◆ Task input:
Lemma pow2_le_of_abs_le (a b : R) : Rabs a <= b -> a ^ 2 <= b ^ 2.
Proof. intros H. rewrite <- (pow2_abs a). pose proof (Rabs_pos a). nra. Qed.

Lemma exp_opp_mul_exp (t : R) : exp (- t) * exp t = 1.
Proof. rewrite <- exp_plus, Rplus_opp_l. apply exp_0. Qed.

Lemma exp_le_of_le (a b : R) : a <= b -> exp a <= exp b.
Proof. intros [H | ->]; [left; apply exp_increasing, H | lra]. Qed.

(** Comparison for the ODE h'' = h: a supersolution (h'' >= h) with h(0) = 1 and
    |h'(0)| <= 1 dominates exp(-u) for u >= 0. Indeed e^{-t}(h' + h) is
    nondecreasing and nonnegative at 0, hence so is the derivative of e^t h. *)
Lemma exp_opp_le_supersolution (h h1 h2 : R -> R) :
  (forall u, is_derive h u (h1 u)) -> (forall u, is_derive h1 u (h2 u)) ->
  (forall u, h u <= h2 u) -> h 0 = 1 -> Rabs (h1 0) <= 1 ->
  forall u, 0 <= u -> exp (- u) <= h u.
Proof.
  intros D1 D2 Hsup H0 Hd0 u Hu.
  set (k := fun t => exp (- t) * (h1 t + h t)).
  assert (Hk : forall t, 0 <= t -> 0 <= k t).
  { intros t Ht.
    assert (Hmono : k 0 <= k t).
    { apply (le_of_derive_nonneg k (fun t => exp (- t) * (h2 t - h t)) 0 t Ht).
      - intros s _. unfold k.
        assert (E : exp (- s) * (h2 s - h s)
                    = - exp (- s) * (h1 s + h s) + exp (- s) * (h2 s + h1 s)) by ring.
        rewrite E. apply (is_derive_mult (fun t => exp (- t)) (fun t => h1 t + h t));
          [auto_derive; auto; ring | apply (is_derive_plus h1 h); auto | intros; apply Rmult_comm].
      - intros s _. apply Rmult_le_pos; [left; apply exp_pos | specialize (Hsup s); lra]. }
    unfold k at 1 in Hmono. rewrite Ropp_0, exp_0, H0 in Hmono.
    apply Rabs_le_between in Hd0. lra. }
  assert (Hgrow : exp 0 * h 0 <= exp u * h u).
  { apply (le_of_derive_nonneg (fun t => exp t * h t) (fun t => exp t * exp t * k t) 0 u Hu).
    - intros s _. unfold k.
      assert (E : exp s * exp s * (exp (- s) * (h1 s + h s))
                  = (exp (- s) * exp s) * (exp s * h s + exp s * h1 s)) by ring.
      rewrite E, exp_opp_mul_exp, Rmult_1_l.
      apply (is_derive_mult exp h); [apply is_derive_exp | auto | intros; apply Rmult_comm].
    - intros s Hs. apply Rmult_le_pos; [left; apply Rmult_lt_0_compat; apply exp_pos|].
      apply Hk; lra. }
  rewrite exp_0, H0, Rmult_1_l in Hgrow.
  replace (h u) with (exp (- u) * (exp u * h u))
    by (rewrite <- Rmult_assoc, exp_opp_mul_exp; ring).
  rewrite <- (Rmult_1_r (exp (- u))) at 1.
  apply Rmult_le_compat_l; [left; apply exp_pos | exact Hgrow].
Qed.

◆ To do:
Repeat every entry exactly. Nothing may be dropped.

◆ Task solution:
Lemma pow2_le_of_abs_le (a b : R) : Rabs a <= b -> a ^ 2 <= b ^ 2.
Proof. intros H. rewrite <- (pow2_abs a). pose proof (Rabs_pos a). nra. Qed.

Lemma exp_opp_mul_exp (t : R) : exp (- t) * exp t = 1.
Proof. rewrite <- exp_plus, Rplus_opp_l. apply exp_0. Qed.

Lemma exp_le_of_le (a b : R) : a <= b -> exp a <= exp b.
Proof. intros [H | ->]; [left; apply exp_increasing, H | lra]. Qed.

(** Comparison for the ODE h'' = h: a supersolution (h'' >= h) with h(0) = 1 and
    |h'(0)| <= 1 dominates exp(-u) for u >= 0. Indeed e^{-t}(h' + h) is
    nondecreasing and nonnegative at 0, hence so is the derivative of e^t h. *)
Lemma exp_opp_le_supersolution (h h1 h2 : R -> R) :
  (forall u, is_derive h u (h1 u)) -> (forall u, is_derive h1 u (h2 u)) ->
  (forall u, h u <= h2 u) -> h 0 = 1 -> Rabs (h1 0) <= 1 ->
  forall u, 0 <= u -> exp (- u) <= h u.
Proof.
  intros D1 D2 Hsup H0 Hd0 u Hu.
  set (k := fun t => exp (- t) * (h1 t + h t)).
  assert (Hk : forall t, 0 <= t -> 0 <= k t).
  { intros t Ht.
    assert (Hmono : k 0 <= k t).
    { apply (le_of_derive_nonneg k (fun t => exp (- t) * (h2 t - h t)) 0 t Ht).
      - intros s _. unfold k.
        assert (E : exp (- s) * (h2 s - h s)
                    = - exp (- s) * (h1 s + h s) + exp (- s) * (h2 s + h1 s)) by ring.
        rewrite E. apply (is_derive_mult (fun t => exp (- t)) (fun t => h1 t + h t));
          [auto_derive; auto; ring | apply (is_derive_plus h1 h); auto | intros; apply Rmult_comm].
      - intros s _. apply Rmult_le_pos; [left; apply exp_pos | specialize (Hsup s); lra]. }
    unfold k at 1 in Hmono. rewrite Ropp_0, exp_0, H0 in Hmono.
    apply Rabs_le_between in Hd0. lra. }
  assert (Hgrow : exp 0 * h 0 <= exp u * h u).
  { apply (le_of_derive_nonneg (fun t => exp t * h t) (fun t => exp t * exp t * k t) 0 u Hu).
    - intros s _. unfold k.
      assert (E : exp s * exp s * (exp (- s) * (h1 s + h s))
                  = (exp (- s) * exp s) * (exp s * h s + exp s * h1 s)) by ring.
      rewrite E, exp_opp_mul_exp, Rmult_1_l.
      apply (is_derive_mult exp h); [apply is_derive_exp | auto | intros; apply Rmult_comm].
    - intros s Hs. apply Rmult_le_pos; [left; apply Rmult_lt_0_compat; apply exp_pos|].
      apply Hk; lra. }
  rewrite exp_0, H0, Rmult_1_l in Hgrow.
  replace (h u) with (exp (- u) * (exp u * h u))
    by (rewrite <- Rmult_assoc, exp_opp_mul_exp; ring).
  rewrite <- (Rmult_1_r (exp (- u))) at 1.
  apply Rmult_le_compat_l; [left; apply exp_pos | exact Hgrow].
Qed.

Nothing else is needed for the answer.